Filme de Borg e McEnroe explora nuance de dois mitos do tênis
Repare bem. Sempre que uma produção inspirada na trajetória de um atleta chega aos cinemas, a equipe responsável pela divulgação do lançamento enfatiza que “o filme vai muito além do esporte”.
Como se nos dissessem que o esporte, por si só, não é capaz de oferecer a riqueza dramática necessária para a construção de um filme convincente. Que o leitor não se surpreenda, portanto, se encontrar em um desses cartazes de publicidade platitudes como: “‘Borg vs McEnroe’ é bem mais do que um filme sobre tênis”.
É, sim, um filme sobre tênis —muito bom, aliás.
Esporte rende bom cinema de ficção desde que o diretor, além de talentoso, entenda do assunto, como já demonstraram Martin Scorsese em “Touro Indomável” (1980), sobre boxe, e John Frankenheimer em “Grand Prix” (1966), a respeito de automobilismo.
Mal se vê esse tipo de cineasta neste século 21.
Ron Howard chegou a dizer que não era um grande conhecedor de F-1, o que não o impediu de comandar “Rush - No Limite da Emoção” (2013), que mostrava a rivalidade entre James Hunt e Nikki Lauda na principal categoria do automobilismo.
Mas Janus Metz é uma exceção. Entende de cinema e do universo do tênis.

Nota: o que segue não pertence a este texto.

(* Let $T>0$, $N\ge2$, $h=T/N$, $t_n=nh$, and let $\beta,\gamma\in\mathbb R$ satisfy either (C1) $\beta<0$, $\gamma<0$ and $-1<\beta+\gamma<0$, or (C2) $\beta\ge0$ and $\gamma\in(-1,0)$. Then there is a constant $C$ (independent of $N$) such that for all $1<j\le N$, $\tau\in(t_{j-1},t_j]$ and $\eta\in(0,t_{j-1}]$, $$\int_0^\eta(\eta-r)^\beta\big((t_{j-1}-r)^\gamma-(\tau-r)^\gamma\big)\,\mathrm dr\le Ch^{(\beta+\gamma+1)\wedge(\gamma+1)}.$$
   Context: $a\wedge b=\min\{a,b\}$. *)

From HB Require Import structures.
From mathcomp Require Import all_boot all_order all_algebra.
From mathcomp Require Import all_classical all_reals all_analysis.
Set Implicit Arguments. Unset Strict Implicit. Unset Printing Implicit Defensive.
Import Order.TTheory GRing.Theory Num.Theory.

Local Open Scope ring_scope.

Definition grid_t (R : realType) (T : R) (N n : nat) : R := n%:R * (T / N%:R).

From HB Require Import structures.
From mathcomp Require Import all_boot all_order all_algebra.
From mathcomp Require Import all_classical all_reals all_analysis.
From mathcomp Require Import measurable_realfun ring lra.
Import Order.TTheory GRing.Theory Num.Theory.
Local Open Scope classical_set_scope.
Local Open Scope ring_scope.

(* Put a := t_{j-1} and d := tau - a, so that 0 < d <= h, and write the bracket
   as g (a - r) with g x := x^gamma - (x + d)^gamma, nonincreasing on x > 0.
   Under (C1), as eta - r <= a - r, the weight is absorbed:
     (eta - r)^beta g (a - r) <= (eta - r)^beta g (eta - r)
                              <= (eta - r)^(beta+gamma) - (eta - r + d)^(beta+gamma);
   under (C2) the weight is at most T^beta.  Either way one is left with
   int_0^eta ((c - r)^p - (c + d - r)^p) dr for some -1 < p <= 0 and c >= eta,
   which the fundamental theorem of calculus and the subadditivity of
   x |-> x^(p+1) bound by d^(p+1)/(p+1) <= h^(p+1)/(p+1). *)

Section powR_gap.
Context {R : realType}.
Implicit Types p q d x y : R.
Definition sensitive (f : {ffun 'I_n -> bool} -> bool) y : {set 'I_n} :=
  [set i | f (flip y i) != f y].

Lemma flip_at y i : flip y i i = ~~ y i.
Proof. by rewrite ffunE eqxx. Qed.

Lemma flip_other y i j : j != i -> flip y i j = y j.
Proof. by rewrite ffunE => /negbTE ->. Qed.

Lemma flipK y i : flip (flip y i) i = y.
Proof. by apply/ffunP => j; rewrite !ffunE; case: eqP => // ->; rewrite negbK. Qed.

End Flip.

Section Adversary.
Variables (R : realType) (n : nat).

Lemma sum_sqnorm_at_query m (v : state R n m) :
  \sum_i sqnorm (at_query i) v = sqnorm predT v.
Proof. by rewrite /sqnorm (partition_big (fun a : Idx n m => a.1.1) predT). Qed.

Lemma sum_vnorm_at_query_le m (J : {set 'I_n}) (v : state R n m) :
  sqnorm predT v = 1 -> \sum_(i in J) vnorm (at_query i) v <= Num.sqrt #|J|%:R.
Proof.
move=> v1; pose u i := ((vnorm (at_query i) v)%:C)%C.
have u_le1 : vnorm (fun i => i \in J) u <= 1.
  rewrite /vnorm -sqrtr1 ler_sqrt ?ler01 //.
  have -> : sqnorm (fun i => i \in J) u = \sum_(i in J) sqnorm (at_query i) v.
    by apply: eq_bigr => i _; rewrite normsq_real sqr_sqrtr ?sqnorm_ge0.
  rewrite -v1 -sum_sqnorm_at_query [leRHS](bigID (fun i => i \in J)) /=.
  by rewrite lerDl sumr_ge0 // => i _; apply: sqnorm_ge0.
have vnorm1 : vnorm (fun i => i \in J) (fun=> 1 : R[i]) = Num.sqrt #|J|%:R.
  by rewrite /vnorm /sqnorm (eq_bigr (fun=> 1)) ?sumr_const // => i _; apply: normsq1.
have -> : \sum_(i in J) vnorm (at_query i) v = \sum_(i in J) re_dot (u i) 1.
  by apply: eq_bigr => i _; rewrite /re_dot /= mulr1 mul0r addr0.
apply: le_trans (cauchy_schwarz _ _ _) _.
by rewrite vnorm1 -[leRHS]mul1r ler_wpM2r ?sqrtr_ge0.
Qed.

Lemma bias_mul_card_sensitive_le (A : qalg R n) f beta y :
  (0 < n)%N -> valid_qalg A -> is_bias A f beta ->
  beta * #|sensitive f y|%:R <= 2 * (nq A)%:R * Num.sqrt #|sensitive f y|%:R.
Proof.
move=> n_gt0 A_valid biasA; set S := sensitive f y.
have bias_le i : i \in S -> beta <= 2 * \sum_(s < nq A) vnorm (at_query i) (run R n A y s).
  rewrite inE => fi; apply: le_trans _ (vnorm_runB A_valid (leqnn _) (@flip_other _ y i)).
  by apply: (bias_le_vnorm A_valid n_gt0 biasA); move: fi; case: (f y); case: (f (flip y i)).
rewrite mulr_natr -(sumr_const (mem S)) -mulrA.
apply: le_trans (ler_sum _ bias_le) _.
rewrite -mulr_sumr ler_wpM2l // exchange_big /=.
apply: le_trans (ler_sum _ (fun s _ => sum_vnorm_at_query_le S
  (sqnorm_run A_valid y n_gt0 (ltnW (ltn_ord s))))) _.
by rewrite sumr_const card_ord mulr_natl.
Qed.

End Adversary.

Section LogBound.
Variable R : realType.

Lemma bias_sqr_le (beta : R) (N J T : nat) : 0 <= beta -> (N <= J.*2)%N ->
  beta * J%:R <= 2 * T%:R * Num.sqrt J%:R -> beta ^+ 2 * N%:R <= 8 * T%:R ^+ 2.
Proof.
move=> beta_ge0 NJ bJ; have [J0|J_gt0] := posnP J.
  by move: NJ; rewrite J0 leqn0 => /eqP ->; rewrite mulr0 mulr_ge0 ?sqr_ge0.
set s := Num.sqrt (J%:R : R); have s_gt0 : 0 < s by rewrite sqrtr_gt0 ltr0n.
have J_sqr : J%:R = s ^+ 2 :> R by rewrite sqr_sqrtr ?ler0n.
have bs : beta * s <= 2 * T%:R by rewrite -(ler_pM2r s_gt0) -mulrA -expr2 -J_sqr.
have bs_ge0 : 0 <= beta * s by rewrite mulr_ge0 // ltW.
have bs2 := ler_pM bs_ge0 bs_ge0 bs bs.
have NJR : N%:R <= 2 * J%:R :> R by rewrite -natrM ler_nat mul2n.
have := ler_wpM2l (sqr_ge0 beta) NJR.
by move: bs2; rewrite J_sqr; nra.
Qed.

Lemma log2_bound (beta : R) (N T : nat) : 0 < beta -> (0 < N)%N ->
  beta ^+ 2 * N%:R <= 8 * T%:R ^+ 2 -> log2 N%:R / 2 - 3 <= T%:R + log2 (1 / (2 * beta)).
Proof.
move=> beta_gt0 N_gt0 bN; have ln2_gt0 : 0 < ln (2 : R) by rewrite ln_gt0 ?ltr1n.
have T_le : T%:R <= 2 ^+ T :> R by rewrite -natrX ler_nat ltnW // ltn_expl.
have ln_le : ln (beta ^+ 2 * N%:R) <= ln (8 * (2 ^+ T) ^+ 2).
  rewrite ler_ln ?posrE ?mulr_gt0 ?exprn_gt0 ?ltr0n //; apply: le_trans bN _.
  by apply: ler_wpM2l => //; rewrite ler_sqr ?nnegrE ?exprn_ge0 ?ler0n.
have e8 : 8 = 2 ^+ 3 :> R by rewrite -natrX.
move: ln_le; rewrite e8 !lnM ?posrE ?exprn_gt0 ?ltr0n // lnXn // => ln_le.
have log2_le : (ln beta + ln beta + ln N%:R) / ln 2 <= 2 * T%:R + 3.
  rewrite ler_pdivrMr //.
  set L := ln (2 : R) in ln_le *.
  have -> : (2 * T%:R + 3) * L = L + (L + L) + (L *+ T + L *+ T).
    by rewrite -mulr_natr; ring.
  exact: ln_le.
have -> : log2 (1 / (2 * beta)) = -1 - ln beta / ln 2.
  by rewrite /log2 div1r lnV ?posrE ?mulr_gt0 // lnM ?posrE //; field; rewrite gt_eqF.
move: log2_le; rewrite /log2 !mulrDl; lra.
Qed.

End LogBound.

Section SymmetricFunctions.
Variable n : nat.
Implicit Types (x y : {ffun 'I_n -> bool}) (f : {ffun 'I_n -> bool} -> bool).

Lemma hamming_weight_le x : (hamming_weight x <= n)%N.
Proof. by rewrite -[leqRHS]card_ord max_card. Qed.

Lemma card_zeros x : (#|[pred j | ~~ x j]| + hamming_weight x)%N = n.
Proof. by rewrite addnC -[RHS]card_ord -(cardC [pred j | x j]). Qed.

Lemma hamming_weight_flip0 x i : x i = false ->
  hamming_weight (flip x i) = (hamming_weight x).+1.
Proof.
move=> xi; rewrite /hamming_weight.
have -> : #|[pred j | flip x i j]| = #|[predU1 i & [pred j | x j]]|.
  by apply: eq_card => j; rewrite !inE ffunE; case: eqP => [->|]; rewrite ?xi.
by rewrite cardU1 inE xi.
Qed.

Lemma hamming_weight_flip1 x i : x i ->
  (hamming_weight (flip x i)).+1 = hamming_weight x.
Proof.
by move=> xi; rewrite -[in RHS](flipK x i) (@hamming_weight_flip0 (flip x i)) ?flip_at ?xi.
Qed.

Definition unary_word k : {ffun 'I_n -> bool} := [ffun j : 'I_n => (j < k)%N].

Lemma hamming_weight_unary k : (k <= n)%N -> hamming_weight (unary_word k) = k.
Proof.
elim: k => [|k IHk] k_le; first by apply: eq_card0 => j; rewrite inE ffunE.
have -> : unary_word k.+1 = flip (unary_word k) (Ordinal k_le).
  apply/ffunP => j; rewrite !ffunE ltnS leq_eqVlt -(inj_eq val_inj) /=.
  by case: eqP => [->|]; rewrite ?ltnn.
by rewrite hamming_weight_flip0 ?ffunE ?ltnn // IHk // ltnW.
Qed.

O sueco dirige o filme baseado no encontro de dois dos maiores nomes desse esporte na final de Wimbledon, em 1980. Àquela altura, o também sueco Björn Borg (Sverrir Gudnason) e o norte-americano John McEnroe (Shia LaBeouf ) já tinham se enfrentado sete vezes, mas nenhuma das partidas carregava o peso histórico do torneio de Londres, considerado por muitos o mais relevante.
O destro Borg era um jogador de fundo de quadra. Mais ousado, o canhoto McEnroe subia à rede com frequência para atacar o adversário.
Havia contraste entre os estilos de jogo, assim como entre os temperamentos —ao menos aparentemente. “IceBorg”, como era chamado, impressionava como um atleta metódico. Já McEnroe, uma interpretação notável de LaBeouf, tinha reações explosivas em quadra e fora dela.
São esses os retratos apresentados em um primeiro momento. Mas “Borg vs McEnroe” logo explora nuances de ambas as personalidades, dissipando o maniqueísmo.
De nada valeria esse desenvolvimento eficiente dos personagens se o jogo propriamente decepcionasse.
Pelo contrário. É sobre a grama de Wimbledon que Metz e sua equipe exibem alto nível de criatividade e de precisão técnica.
Os tenistas são vistos ora à distância, em lances inacreditáveis, ora em detalhes, com braços e pernas em gestos vigorosos. Os movimentos das câmeras (algumas portáteis) e a música dão à partida ares de batalha e, em seguida, mostram o jogo como uma coreografia, em que atletas-bailarinos extraem do tênis todo o deleite que o esporte pode oferecer.
“Borg vs McEnroe” trata o tênis como ele merece. Os mitos das quadras agradecem, assim como nós, admiradores do cinema e do esporte.